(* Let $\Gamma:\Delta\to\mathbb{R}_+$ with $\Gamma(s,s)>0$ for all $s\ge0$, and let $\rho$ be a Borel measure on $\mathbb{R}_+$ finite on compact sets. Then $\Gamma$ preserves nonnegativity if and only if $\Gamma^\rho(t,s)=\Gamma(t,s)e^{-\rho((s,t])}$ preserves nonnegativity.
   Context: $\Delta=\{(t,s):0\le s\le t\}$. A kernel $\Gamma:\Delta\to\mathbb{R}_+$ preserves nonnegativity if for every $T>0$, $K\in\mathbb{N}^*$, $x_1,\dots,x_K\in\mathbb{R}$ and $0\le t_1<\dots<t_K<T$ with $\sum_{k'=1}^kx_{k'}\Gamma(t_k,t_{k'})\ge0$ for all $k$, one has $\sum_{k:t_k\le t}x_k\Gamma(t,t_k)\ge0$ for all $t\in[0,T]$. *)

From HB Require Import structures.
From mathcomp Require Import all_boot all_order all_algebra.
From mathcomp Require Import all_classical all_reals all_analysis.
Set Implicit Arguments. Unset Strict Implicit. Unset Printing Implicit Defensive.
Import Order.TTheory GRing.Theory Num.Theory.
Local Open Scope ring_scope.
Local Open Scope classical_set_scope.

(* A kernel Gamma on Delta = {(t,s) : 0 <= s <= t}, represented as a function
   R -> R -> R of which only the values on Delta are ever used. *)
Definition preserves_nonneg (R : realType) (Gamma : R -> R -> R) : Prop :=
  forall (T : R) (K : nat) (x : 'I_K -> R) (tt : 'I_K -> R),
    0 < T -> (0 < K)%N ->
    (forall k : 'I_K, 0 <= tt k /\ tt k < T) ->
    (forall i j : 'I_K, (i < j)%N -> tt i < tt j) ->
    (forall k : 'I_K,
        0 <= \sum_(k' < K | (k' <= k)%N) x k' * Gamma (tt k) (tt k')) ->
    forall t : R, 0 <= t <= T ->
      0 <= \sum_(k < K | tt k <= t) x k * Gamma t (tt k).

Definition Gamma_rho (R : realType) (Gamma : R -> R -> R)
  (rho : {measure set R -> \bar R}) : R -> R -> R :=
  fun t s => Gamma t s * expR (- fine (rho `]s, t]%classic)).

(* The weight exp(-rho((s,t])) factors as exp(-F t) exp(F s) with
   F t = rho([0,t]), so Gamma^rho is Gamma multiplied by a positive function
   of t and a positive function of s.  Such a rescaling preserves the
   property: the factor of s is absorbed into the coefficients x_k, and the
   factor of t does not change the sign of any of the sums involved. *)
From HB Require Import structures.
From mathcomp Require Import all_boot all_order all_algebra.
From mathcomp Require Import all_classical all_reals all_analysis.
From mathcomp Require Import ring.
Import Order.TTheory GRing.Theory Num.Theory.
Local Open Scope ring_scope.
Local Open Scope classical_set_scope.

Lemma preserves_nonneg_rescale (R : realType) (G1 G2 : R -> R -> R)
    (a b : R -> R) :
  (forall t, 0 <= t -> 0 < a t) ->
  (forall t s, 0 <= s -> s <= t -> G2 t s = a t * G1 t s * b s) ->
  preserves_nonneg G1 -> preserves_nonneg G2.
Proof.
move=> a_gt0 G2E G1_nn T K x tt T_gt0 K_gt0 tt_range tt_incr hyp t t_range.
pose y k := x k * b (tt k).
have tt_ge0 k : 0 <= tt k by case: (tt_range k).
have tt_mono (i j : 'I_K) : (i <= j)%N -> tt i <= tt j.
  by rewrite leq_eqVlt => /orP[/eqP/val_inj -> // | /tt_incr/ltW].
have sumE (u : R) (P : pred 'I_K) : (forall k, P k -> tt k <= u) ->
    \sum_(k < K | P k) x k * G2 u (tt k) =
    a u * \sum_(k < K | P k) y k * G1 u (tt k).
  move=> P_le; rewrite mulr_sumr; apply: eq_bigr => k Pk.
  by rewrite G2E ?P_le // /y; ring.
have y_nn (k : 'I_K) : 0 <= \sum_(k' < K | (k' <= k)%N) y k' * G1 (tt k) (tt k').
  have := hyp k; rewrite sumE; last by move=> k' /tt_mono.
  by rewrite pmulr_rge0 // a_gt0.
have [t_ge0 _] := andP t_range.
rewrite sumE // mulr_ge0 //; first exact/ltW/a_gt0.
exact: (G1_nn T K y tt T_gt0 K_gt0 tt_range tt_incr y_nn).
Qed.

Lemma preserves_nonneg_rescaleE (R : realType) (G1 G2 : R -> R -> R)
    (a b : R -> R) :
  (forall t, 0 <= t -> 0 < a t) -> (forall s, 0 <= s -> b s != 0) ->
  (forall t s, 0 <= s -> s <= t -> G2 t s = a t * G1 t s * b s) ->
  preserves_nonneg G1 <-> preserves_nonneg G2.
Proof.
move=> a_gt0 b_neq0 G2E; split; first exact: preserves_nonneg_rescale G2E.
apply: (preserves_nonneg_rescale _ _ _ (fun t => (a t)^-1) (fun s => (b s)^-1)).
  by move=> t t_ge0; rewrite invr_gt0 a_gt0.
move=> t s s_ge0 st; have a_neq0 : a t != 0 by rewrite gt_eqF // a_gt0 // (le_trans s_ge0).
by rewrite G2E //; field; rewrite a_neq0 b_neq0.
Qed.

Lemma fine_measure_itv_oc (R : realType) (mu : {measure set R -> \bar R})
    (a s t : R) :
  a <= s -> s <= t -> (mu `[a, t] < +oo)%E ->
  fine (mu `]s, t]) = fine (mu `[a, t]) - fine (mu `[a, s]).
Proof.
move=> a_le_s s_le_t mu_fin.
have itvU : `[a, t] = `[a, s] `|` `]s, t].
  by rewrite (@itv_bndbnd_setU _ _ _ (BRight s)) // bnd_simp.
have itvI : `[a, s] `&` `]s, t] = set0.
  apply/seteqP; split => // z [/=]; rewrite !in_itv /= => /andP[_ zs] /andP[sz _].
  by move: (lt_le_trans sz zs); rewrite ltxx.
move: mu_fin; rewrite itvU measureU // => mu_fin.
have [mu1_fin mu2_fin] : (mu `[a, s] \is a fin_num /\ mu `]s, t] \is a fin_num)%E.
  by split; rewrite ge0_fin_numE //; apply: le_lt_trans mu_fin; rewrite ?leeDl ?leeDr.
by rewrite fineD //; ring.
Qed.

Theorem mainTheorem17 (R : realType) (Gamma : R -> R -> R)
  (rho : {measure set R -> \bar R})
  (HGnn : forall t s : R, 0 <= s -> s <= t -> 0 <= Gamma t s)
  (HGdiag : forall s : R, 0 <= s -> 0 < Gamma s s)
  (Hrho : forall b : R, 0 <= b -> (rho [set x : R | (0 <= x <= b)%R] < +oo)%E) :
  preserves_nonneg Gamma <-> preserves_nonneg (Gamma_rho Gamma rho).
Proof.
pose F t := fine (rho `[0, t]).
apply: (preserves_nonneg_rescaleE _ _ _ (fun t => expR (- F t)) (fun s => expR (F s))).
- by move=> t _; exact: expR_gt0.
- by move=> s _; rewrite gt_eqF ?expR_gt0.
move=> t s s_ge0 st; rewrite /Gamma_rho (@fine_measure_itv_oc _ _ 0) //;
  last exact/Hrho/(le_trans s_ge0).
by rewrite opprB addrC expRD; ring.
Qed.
────────────────
## Task directions
Both the line containing "by move=> t t_ge0; rewrite invr_gt0 a_gt0." and the line containing "by split; rewrite" belong in the answer. Print them and every line above that falls between them exactly, and no others.

## Output below
  by move=> t t_ge0; rewrite invr_gt0 a_gt0.
move=> t s s_ge0 st; have a_neq0 : a t != 0 by rewrite gt_eqF // a_gt0 // (le_trans s_ge0).
by rewrite G2E //; field; rewrite a_neq0 b_neq0.
Qed.

Lemma fine_measure_itv_oc (R : realType) (mu : {measure set R -> \bar R})
    (a s t : R) :
  a <= s -> s <= t -> (mu `[a, t] < +oo)%E ->
  fine (mu `]s, t]) = fine (mu `[a, t]) - fine (mu `[a, s]).
Proof.
move=> a_le_s s_le_t mu_fin.
have itvU : `[a, t] = `[a, s] `|` `]s, t].
  by rewrite (@itv_bndbnd_setU _ _ _ (BRight s)) // bnd_simp.
have itvI : `[a, s] `&` `]s, t] = set0.
  apply/seteqP; split => // z [/=]; rewrite !in_itv /= => /andP[_ zs] /andP[sz _].
  by move: (lt_le_trans sz zs); rewrite ltxx.
move: mu_fin; rewrite itvU measureU // => mu_fin.
have [mu1_fin mu2_fin] : (mu `[a, s] \is a fin_num /\ mu `]s, t] \is a fin_num)%E.
  by split; rewrite ge0_fin_numE //; apply: le_lt_trans mu_fin; rewrite ?leeDl ?leeDr.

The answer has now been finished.